DiffImpute: Tabular Data Imputation With Denoising Diffusion Probabilistic Model

Yizhu Wen,Kai Yi,Jing Ke,Yiqing Shen
2024-03-20
Abstract:Tabular data plays a crucial role in various domains but often suffers from missing values, thereby curtailing its potential utility. Traditional imputation techniques frequently yield suboptimal results and impose substantial computational burdens, leading to inaccuracies in subsequent modeling tasks. To address these challenges, we propose DiffImpute, a novel Denoising Diffusion Probabilistic Model (DDPM). Specifically, DiffImpute is trained on complete tabular datasets, ensuring that it can produce credible imputations for missing entries without undermining the authenticity of the existing data. Innovatively, it can be applied to various settings of Missing Completely At Random (MCAR) and Missing At Random (MAR). To effectively handle the tabular features in DDPM, we tailor four tabular denoising networks, spanning MLP, ResNet, Transformer, and U-Net.
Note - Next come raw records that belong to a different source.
Theorem proposition4p6 (R : realType) (m : nat) (x : nat -> hvec R)
  (w : nat -> R) :
  (1 <= m)%N ->
  (forall i, (1 <= i <= 2 * m)%N -> x (m + i)%N = hshift (x i)) ->
  (forall i, (1 <= i <= 2 * m)%N -> w (m + i)%N = w i) ->
  (forall i, (1 <= i <= m)%N -> \sum_(k < 3) qnorm2 (x i k) = 1) ->
  (exists c : R, forall i j, (1 <= i <= m)%N ->
     [\/ j = (i + m)%N, (i < j <= m)%N, (i + m < j <= 2 * m)%N
       | (i + 2 * m < j <= 3 * m)%N] ->
     qnorm2 (hinner (x i) (x j)) = c) ->
  qsum 1 (3 * m).+1 (fun i => qscale (w i) (outer_entry (x i) 0 0)) = qreal 1 ->
  qsum 1 (3 * m).+1 (fun i => qscale (w i) (outer_entry (x i) 0 1)) = qzero R ->
  (forall i, (1 <= i <= 3 * m)%N -> w i = (m%:R)^-1) /\
  tight_simplex (3 * m) x.
Proof.
move=> m1 x_shift w_shift hnorm [c hc] outer00 outer01.
have hnorm_base i : (1 <= i <= m)%N -> hnorm2 (x i) = 1.
  by move=> hi; rewrite -hnorm2E hnorm.
have hnorm_all := hnorm2_all x_shift hnorm_base.
have pairs := hinner2_pairs x_shift hc.
have weq := weight_equation x_shift w_shift hc hnorm_base outer00 outer01.
have h1 : (1 <= 1 <= 3 * m)%N by lia.
have c1 : 1 - c != 0 by apply/eqP => c_eq; have := weq 1%N h1; rewrite c_eq; lra.
have wconst i : (1 <= i <= 3 * m)%N -> w i = w 1%N.
  by move=> hi; apply: (mulIf c1); have := weq i hi; have := weq 1%N h1; lra.
have wsum : w 1%N *+ m = 1.
  have := sumr_const_nat m.+1 1 (w 1%N); rewrite subn1 /= => <-.
  rewrite -(sum_weights_base x_shift w_shift hnorm_base outer00).
  by apply: eq_big_nat => i hi; rewrite (wconst i) //; lia.
have [w_val c_val] := tight_simplex_parameters m1 (weq 1%N h1) wsum.
split; first by move=> i hi; rewrite wconst.
split; [|split].
- by move=> i hi; rewrite hnorm2E hnorm_all.
- move=> i j hi hj hij hline; move: c1.
  by rewrite -(pairs i j hi hj hij) hinner2_same_hline // !hnorm_all // mulr1 subrr eqxx.
- by move=> i j hi hj hij; rewrite -c_val; exact: pairs.
Qed.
We also propose Harmonization to enhance coherence between observed and imputed data by infusing the data back and denoising them multiple times during the sampling stage. To enable efficient inference while maintaining imputation performance, we propose a refined non-Markovian sampling process that works along with Harmonization. Empirical evaluations on seven diverse datasets underscore the prowess of DiffImpute. Specifically, when paired with the Transformer as the denoising network, it consistently outperforms its competitors, boasting an average ranking of 1.7 and the most minimal standard deviation. In contrast, the next best method lags with a ranking of 2.8 and a standard deviation of 0.9. The code is available at
Machine Learning,Artificial Intelligence,Databases
What problem does this paper attempt to address?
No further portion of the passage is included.